[Saved entries]
Lemma kmul_class_sum s i : \sum_(y | c y == i) kmul s y = \sum_(x | c x == i) s x.
Proof.
transitivity (\sum_(y | c y == i) \sum_(x | c x == i) s x * K x y).
  by apply: eq_bigr => y /eqP yi; rewrite kmul_class yi.
rewrite exchange_big /=; apply: eq_bigr => x /eqP xi.
by rewrite -mulr_sumr -xi row_class_sum mulr1.
Qed.

Lemma kmul_balanced s : class_balanced s -> class_balanced (kmul s).
Proof. by move=> bal i; rewrite kmul_class_sum. Qed.

Hypothesis eps_minor : forall x y, c x = c y -> eps <= K x y.
Hypothesis eps_ge0 : 0 <= eps.

(* On balanced vectors the part eps of every row can be subtracted for free. *)
Lemma kmul_balancedE s y : class_balanced s ->
  kmul s y = \sum_(x | c x == c y) s x * (K x y - eps).
Proof.
move=> bal; rewrite kmul_class.
under [RHS]eq_bigr => x _ do rewrite mulrBr.
by rewrite sumrB -mulr_suml bal mul0r subr0.
Qed.

Lemma l1_kmul_balanced s : class_balanced s -> l1 (kmul s) <= (1 - eps) * l1 s.
Proof.
move=> bal; rewrite /l1 mulr_sumr.
apply: (le_trans (y := \sum_y \sum_(x | c x == c y) `|s x| * (K x y - eps))).
  apply: ler_sum => y _; rewrite kmul_balancedE //.
  apply: (le_trans (ler_norm_sum _ _ _)); apply: ler_sum => x /eqP xy.
  by rewrite normrM [`|K x y - eps|]ger0_norm // subr_ge0 eps_minor.
rewrite (exchange_big_dep xpredT) //=; apply: ler_sum => x _.
rewrite -mulr_sumr mulrC ler_wpM2r // sumrB.
rewrite (eq_bigl (fun y => c y == c x)) => [|y]; last by rewrite eq_sym.
by rewrite row_class_sum lerD2l lerN2 (bigD1 x) //= lerDl sumr_ge0.
Qed.

End Doeblin.

Section Gluing.
Variables (R : realType) (T : finType).
Implicit Types (mu nu : T -> R) (C P Q : T -> T -> R).

Definition cost C P : R := \sum_x \sum_y C x y * P x y.

Lemma transport_plan_tr mu nu P :
  transport_plan mu nu P -> transport_plan nu mu (fun x y => P y x).
Proof. by case=> P_ge0 [rows cols]; split. Qed.

Lemma cost_tr C P : cost C P = cost (fun x y => C y x) (fun x y => P y x).
Proof. exact: exchange_big. Qed.

Lemma transport_plan_mass mu nu P :
  transport_plan mu nu P -> \sum_y nu y = \sum_x mu x.
Proof.
case=> _ [rows cols]; under eq_bigr => y _ do rewrite -cols.
by rewrite exchange_big; apply: eq_bigr => x _; rewrite rows.
Qed.

Section Glue.
Variables (C : T -> T -> R) (D : R) (mu mu' nu : T -> R) (Q : T -> T -> R).
Hypothesis C_bound : forall x y, 0 <= C x y <= D.
Hypotheses (mu_distr : is_distr mu) (mu'_distr : is_distr mu').
Hypothesis Q_plan : transport_plan mu' nu Q.

(* Keep the fraction [r x] of row [x] of [Q] that [mu] can still afford
   ([r x = 0] when [mu' x = 0], as [_ / 0 = 0]), and send the excess [a] of
   [mu] to the resulting deficit [b] of [nu] by a product plan: only the
   excess pays, at most [D] per unit. *)
Let m x := Order.min (mu x) (mu' x).
Let r x := m x / mu' x.
Let a x := mu x - m x.
Let b y := nu y - \sum_x r x * Q x y.
Let S := \sum_x a x.
Let glue x y := r x * Q x y + a x * b y / S.

Let m_ge0 x : 0 <= m x.
Proof. by rewrite le_min mu_distr.1 mu'_distr.1. Qed.

Let r_ge0 x : 0 <= r x.
Proof. by rewrite divr_ge0 ?m_ge0 ?mu'_distr.1. Qed.

Let r_le1 x : r x <= 1.
Proof.
rewrite /r; have [->|mu'_neq0] := eqVneq (mu' x) 0; first by rewrite invr0 mulr0 ler01.
by rewrite ler_pdivrMr ?mul1r ?ge_min ?lexx ?orbT // lt0r mu'_neq0 mu'_distr.1.
Qed.

Let row_kept x : \sum_y r x * Q x y = m x.
Proof.
rewrite -mulr_sumr Q_plan.2.1 /r.
have [mu'0|mu'_neq0] := eqVneq (mu' x) 0; last by rewrite divfK.
by rewrite mu'0 mulr0 /m mu'0; apply/esym/min_idPr; exact: mu_distr.1.
Qed.

Let a_ge0 x : 0 <= a x.
Proof. by rewrite subr_ge0 ge_min lexx. Qed.

Let a_le x : a x <= `|mu x - mu' x|.
Proof.
rewrite /a /m; case: (leP (mu x) (mu' x)) => _; last exact: ler_norm.
by rewrite subrr.
Qed.

Let b_ge0 y : 0 <= b y.
Proof.
rewrite subr_ge0 -Q_plan.2.2; apply: ler_sum => x _.
by rewrite ler_piMl ?Q_plan.1 ?r_le1.
Qed.

Let sum_b : \sum_y b y = S.
Proof.
rewrite sumrB (transport_plan_mass Q_plan) exchange_big /=.
under [X in _ - X]eq_bigr => x _ do rewrite row_kept.
by rewrite /S sumrB mu_distr.2 mu'_distr.2.
Qed.

Let S0_a0 x : S = 0 -> a x = 0.
Proof. by move=> S0; apply: (psumr_eq0P _ S0) => // z _. Qed.

Let S0_b0 y : S = 0 -> b y = 0.
Proof. by rewrite -sum_b => S0; apply: (psumr_eq0P _ S0) => // z _. Qed.

Let glue_plan : transport_plan mu nu glue.
Proof.
have S_ge0 : 0 <= S by exact: sumr_ge0.
split=> [x y|].
  apply: addr_ge0; first exact: mulr_ge0 (r_ge0 x) (Q_plan.1 x y).
  exact: divr_ge0 (mulr_ge0 (a_ge0 x) (b_ge0 y)) S_ge0.
split=> [x|y]; rewrite big_split /=.
  rewrite row_kept -mulr_suml -mulr_sumr sum_b.
  have [S0|S_neq0] := eqVneq S 0; last by rewrite mulfK // /a addrC subrK.
  by move: (S0_a0 x S0); rewrite S0 mulr0 mul0r addr0 => /subr0_eq.
rewrite -!mulr_suml -/S.
have [S0|S_neq0] := eqVneq S 0; last by rewrite mulrAC divff // mul1r /b addrC subrK.
by move: (S0_b0 y S0); rewrite S0 mul0r mul0r addr0 => /subr0_eq.
Qed.

Let glue_cost : cost C glue <= cost C Q + D * l1 (fun x => mu x - mu' x).
Proof.
rewrite /cost; under eq_bigr => x _ do under eq_bigr => y _ do rewrite mulrDr.
rewrite (eq_bigr _ (fun x _ => big_split _ _ _ _ _)) big_split /=; apply: lerD.
  apply: ler_sum => x _; apply: ler_sum => y _.
  by rewrite ler_wpM2l ?(andP (C_bound x y)).1 // ler_piMl ?Q_plan.1 ?r_le1.
apply: (le_trans (y := \sum_x \sum_y D * (a x * b y / S))).
  do 2!(apply: ler_sum => ? _); apply: ler_wpM2r.
    by rewrite divr_ge0 ?mulr_ge0 ?sumr_ge0.
  exact: (andP (C_bound _ _)).2.
rewrite /l1 mulr_sumr; apply: ler_sum => x _.
have D_ge0 : 0 <= D by case/andP: (C_bound x x); apply: le_trans.
rewrite -mulr_sumr -mulr_suml -mulr_sumr sum_b ler_wpM2l //.
have [S0|S_neq0] := eqVneq S 0; first by rewrite S0 mulr0 invr0 mulr0 normr_ge0.
by rewrite mulfK ?a_le.
Qed.

Lemma transport_plan_glue :
  exists P, transport_plan mu nu P /\ cost C P <= cost C Q + D * l1 (fun x => mu x - mu' x).
Proof. by exists glue; split; [exact: glue_plan | exact: glue_cost]. Qed.

End Glue.
End Gluing.

Section Wasserstein.
Variables (R : realType) (T : finType) (e : rel T).
Implicit Types (mu nu : T -> R) (P : T -> T -> R).

Let dist x y : R := (gdist e x y)%:R.

Lemma plan_costE P : plan_cost e P = cost dist P.
Proof. by []. Qed.

Lemma gdist_le_card x y : (gdist e x y <= #|T|)%N.
Proof.
rewrite /gdist; elim/big_ind: _ => // [m n|i _]; last exact: ltnW.
by rewrite geq_min => ->.
Qed.

Lemma gdist_le n x y : (n < #|T|)%N -> walkn e n x y -> (gdist e x y <= n)%N.
Proof.
move=> n_lt xy.
exact: (bigmin_le_cond #|T| (fun i : 'I_#|T| => nat_of_ord i) (j := Ordinal n_lt) xy).
Qed.

Lemma gdist_xx x : gdist e x x = 0%N.
Proof.
have card_gt0 : (0 < #|T|)%N by apply/card_gt0P; exists x.
by apply/eqP; rewrite -leqn0 (gdist_le card_gt0) //= eqxx.
Qed.

Lemma gdist_gt0 x y : x != y -> (0 < gdist e x y)%N.
Proof.
move=> xy; have card_gt0 : (0 < #|T|)%N by apply/card_gt0P; exists x.
rewrite /gdist; elim/big_ind: _ => // [m n m_gt0 n_gt0|[[|n] n_lt] //=].
  by rewrite leq_min m_gt0.
by rewrite (negbTE xy).
Qed.

Lemma wass_le_cost mu nu P : transport_plan mu nu P -> wass e mu nu <= plan_cost e P.
Proof.
move=> P_plan; apply: ge_inf; last by exists P.
exists 0 => _ [Q [[Q_ge0 _] ->]].
by do 2!(apply: sumr_ge0 => ? _); rewrite mulr_ge0 ?ler0n.
Qed.

Lemma prod_transport_plan mu nu : is_distr mu -> is_distr nu ->
  transport_plan mu nu (fun x y => mu x * nu y).
Proof.
move=> [mu_ge0 mu_sum1] [nu_ge0 nu_sum1]; split=> [x y|]; first by rewrite mulr_ge0.
by split=> [x|y]; rewrite -?mulr_sumr -?mulr_suml ?nu_sum1 ?mu_sum1 ?mulr1 ?mul1r.
Qed.

Lemma wass_ge mu nu L : is_distr mu -> is_distr nu ->
  (forall P, transport_plan mu nu P -> L <= plan_cost e P) -> L <= wass e mu nu.
Proof.
move=> mu_distr nu_distr lb; apply: lb_le_inf; last by move=> _ [P [P_plan ->]]; exact: lb.
by exists (plan_cost e (fun x y => mu x * nu y)); exists (fun x y => mu x * nu y);
   split=> //; exact: prod_transport_plan.
Qed.

Lemma wass_ge0 mu nu : is_distr mu -> is_distr nu -> 0 <= wass e mu nu.
Proof.
move=> mu_distr nu_distr; apply: wass_ge => // P [P_ge0 _].
by do 2!(apply: sumr_ge0 => ? _); rewrite mulr_ge0 ?ler0n.
Qed.

Lemma wass_xx mu : is_distr mu -> wass e mu mu = 0.
Proof.
move=> mu_distr; apply/eqP; rewrite eq_le wass_ge0 // andbT.
pose P x y := if x == y then mu x else 0.
have P_plan : transport_plan mu mu P.
  split=> [x y|]; first by rewrite /P; case: eqP => // _; exact: mu_distr.1.
  split=> [x|y]; rewrite /P.
    by under eq_bigr => y _ do rewrite (eq_sym x); rewrite -big_mkcond big_pred1_eq.
  by rewrite -big_mkcond big_pred1_eq.
apply: le_trans (wass_le_cost P_plan) _; rewrite /plan_cost big1 // => x _.
by rewrite big1 // => y _; rewrite /P; case: eqP => [->|]; rewrite ?gdist_xx ?mul0r ?mulr0.
Qed.

Lemma wass_lipschitz mu mu' nu nu' :
  is_distr mu -> is_distr mu' -> is_distr nu -> is_distr nu' ->
  `|wass e mu nu - wass e mu' nu'| <=
    #|T|%:R * (l1 (fun x => mu x - mu' x) + l1 (fun y => nu y - nu' y)).
Proof.
have dist_bound x y : 0 <= dist x y <= #|T|%:R by rewrite ler0n ler_nat gdist_le_card.
have dist_tr_bound x y : 0 <= dist y x <= #|T|%:R by exact: dist_bound.
suff one_side mu1 mu2 nu1 nu2 :
    is_distr mu1 -> is_distr mu2 -> is_distr nu1 -> is_distr nu2 ->
    wass e mu1 nu1 <= wass e mu2 nu2 +
      #|T|%:R * (l1 (fun x => mu1 x - mu2 x) + l1 (fun y => nu1 y - nu2 y)).
  move=> mu_d mu'_d nu_d nu'_d; rewrite ler_norml.
  have l1_sym (s t : T -> R) : l1 (fun x => t x - s x) = l1 (fun x => s x - t x).
    by apply: eq_bigr => x _; rewrite distrC.
  have := one_side _ _ _ _ mu'_d mu_d nu'_d nu_d.
  rewrite (l1_sym mu) (l1_sym nu).
  have := one_side _ _ _ _ mu_d mu'_d nu_d nu'_d.
  move=> h1 h2; apply/andP; split; lra.
move=> mu1_d mu2_d nu1_d nu2_d; rewrite -lerBlDr; apply: wass_ge => // Q Q_plan.
have [Q' [Q'_plan Q'_cost]] :=
  transport_plan_glue dist_tr_bound nu1_d nu2_d (transport_plan_tr Q_plan).
have [P [P_plan P_cost]] :=
  transport_plan_glue dist_bound mu1_d mu2_d (transport_plan_tr Q'_plan).
have := wass_le_cost P_plan; rewrite !plan_costE (cost_tr dist Q) in P_cost *.
rewrite (cost_tr _ Q') in Q'_cost; lra.
Qed.

Lemma wass_cvg_l1 (mu nu a b : nat -> T -> R) (W : R) :
  (forall k, is_distr (mu k)) -> (forall k, is_distr (nu k)) ->
  (forall k, is_distr (a k)) -> (forall k, is_distr (b k)) ->
  (fun k => l1 (fun x => mu k x - a k x)) @ \oo --> 0 ->
  (fun k => l1 (fun y => nu k y - b k y)) @ \oo --> 0 ->
  (forall k, wass e (a k) (b k) = W) ->
  (fun k => wass e (mu k) (nu k)) @ \oo --> W.
Proof.
move=> mu_d nu_d a_d b_d mu_a nu_b wass_ab.
pose err k := #|T|%:R * (l1 (fun x => mu k x - a k x) + l1 (fun y => nu k y - b k y)).
have err0 : err @ \oo --> 0.
  by rewrite -(mulr0 #|T|%:R) -(addr0 0); apply: cvgM; [exact: cvg_cst | exact: cvgD].
apply: (squeeze_cvgr (f := fun k => W - err k) (h := fun k => W + err k)).
- apply: nearW => k; rewrite -ler_distl -(wass_ab k).
  exact: wass_lipschitz.
- by rewrite -[X in _ --> X]subr0; exact: cvgB (cvg_cst W) err0.
- by rewrite -[X in _ --> X]addr0; exact: cvgD (cvg_cst W) err0.
Qed.

End Wasserstein.

Section RandomWalk.
Variables (R : realType) (T : finType) (e : rel T).
Implicit Types (g : R) (s t : T -> R).

Definition step g s : T -> R := fun y => \sum_x s x * trans e g x y.

Lemma walk_distE g w k : walk_dist e g w k = iter k (step g) (dirac w).
Proof. by elim: k => //= k ->. Qed.

Lemma sum_neighbours x (a : R) : \sum_y (if e x y then a else 0) = a * (deg e x)%:R.
Proof.
rewrite /deg -sum1_card natr_sum mulr_sumr [RHS]big_mkcond /=.
by apply: eq_bigr => y _; rewrite /in_mem /= /in_set asboolb mulr1.
Qed.

Lemma trans_ge0 g x y : 0 <= g <= 1 -> 0 <= trans e g x y.
Proof.
move=> /andP[g0 g1]; rewrite /trans.
by case: (x == y) => //; case: (e x y) => //; rewrite divr_ge0 ?subr_ge0.
Qed.

Lemma iter_stepB g k s t :
  iter k (step g) (fun y => s y - t y) =
  (fun y => iter k (step g) s y - iter k (step g) t y).
Proof.
elim: k => //= k ->; apply: boolp.funext => y.
by rewrite /step -sumrB; apply: eq_bigr => x _; rewrite mulrBl.
Qed.

Lemma iter_step_kernel g k s y :
  iter k (step g) s y = \sum_x s x * walk_dist e g x k y.
Proof.
elim: k y => [|k IH] y /=.
  by rewrite (bigD1 y) //= eqxx mulr1 big1 ?addr0 // => x xy; rewrite eq_sym (negbTE xy) mulr0.
transitivity (\sum_z \sum_x s x * walk_dist e g x k z * trans e g z y).
  by apply: eq_bigr => z _; rewrite IH mulr_suml.
rewrite exchange_big /=; apply: eq_bigr => x _.
by rewrite mulr_sumr; apply: eq_bigr => z _; rewrite mulrA.
Qed.

Lemma walk_dist1 w k : walk_dist e (1 : R) w k = dirac w.
Proof.
elim: k => //= k ->; apply: boolp.funext => y.
rewrite (bigD1 y) //= /trans eqxx mulr1 big1 ?addr0 // => x /negbTE xy.
by rewrite xy /dirac subrr mul0r if_same; case: (x == w); rewrite ?mulr0 ?mul0r.
Qed.

Lemma wass_walk_dist1 u v k :
  wass e (walk_dist e (1 : R) u k) (walk_dist e 1 v k) = wass e (dirac u) (dirac v).
Proof. by rewrite !walk_dist1. Qed.

Hypothesis esym : symmetric e.
Hypothesis eirr : irreflexive e.
Hypothesis econn : connected_graph e.
Hypothesis card_gt1 : (1 < #|T|)%N.

Lemma deg_neq0 x : (deg e x)%:R != 0 :> R.
Proof. by rewrite pnatr_eq0 -lt0n deg_gt0. Qed.

Lemma transE g x y : trans e g x y =
  (if x == y then g else 0) + (if e x y then (1 - g) / (deg e x)%:R else 0).
Proof.
rewrite /trans; case: eqP => [<-|]; last by rewrite add0r.
by rewrite eirr addr0.
Qed.

Lemma trans_sum1 g x : \sum_y trans e g x y = 1.
Proof.
under eq_bigr => y _ do rewrite transE.
rewrite big_split /= sum_neighbours divfK ?deg_neq0 //.
by rewrite -big_mkcond /= (big_pred1 x) => [|y]; rewrite 1?eq_sym // addrC subrK.
Qed.

Lemma step_distr g s : 0 <= g <= 1 -> is_distr s -> is_distr (step g s).
Proof.
move=> g01 [s_ge0 s_sum1]; split=> [y|].
  by apply: sumr_ge0 => x _; rewrite mulr_ge0 ?trans_ge0.
rewrite /step exchange_big /= -s_sum1; apply: eq_bigr => x _.
by rewrite -mulr_sumr trans_sum1 mulr1.
Qed.

Lemma walk_dist_distr g w k : 0 <= g <= 1 -> is_distr (walk_dist e g w k).
Proof.
move=> g01; elim: k => [|k IH]; first exact: dirac_distr.
exact: step_distr.
Qed.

Exercise :: Out of the data above, set down the lines from the one with "(forall k, wass e (a k) (b k) = W) ->" to the one with "apply: (squeeze_cvgr (f", both included, exactly as written and with no additions.

Expected answer ::
  (forall k, wass e (a k) (b k) = W) ->
  (fun k => wass e (mu k) (nu k)) @ \oo --> W.
Proof.
move=> mu_d nu_d a_d b_d mu_a nu_b wass_ab.
pose err k := #|T|%:R * (l1 (fun x => mu k x - a k x) + l1 (fun y => nu k y - b k y)).
have err0 : err @ \oo --> 0.
  by rewrite -(mulr0 #|T|%:R) -(addr0 0); apply: cvgM; [exact: cvg_cst | exact: cvgD].
apply: (squeeze_cvgr (f := fun k => W - err k) (h := fun k => W + err k)).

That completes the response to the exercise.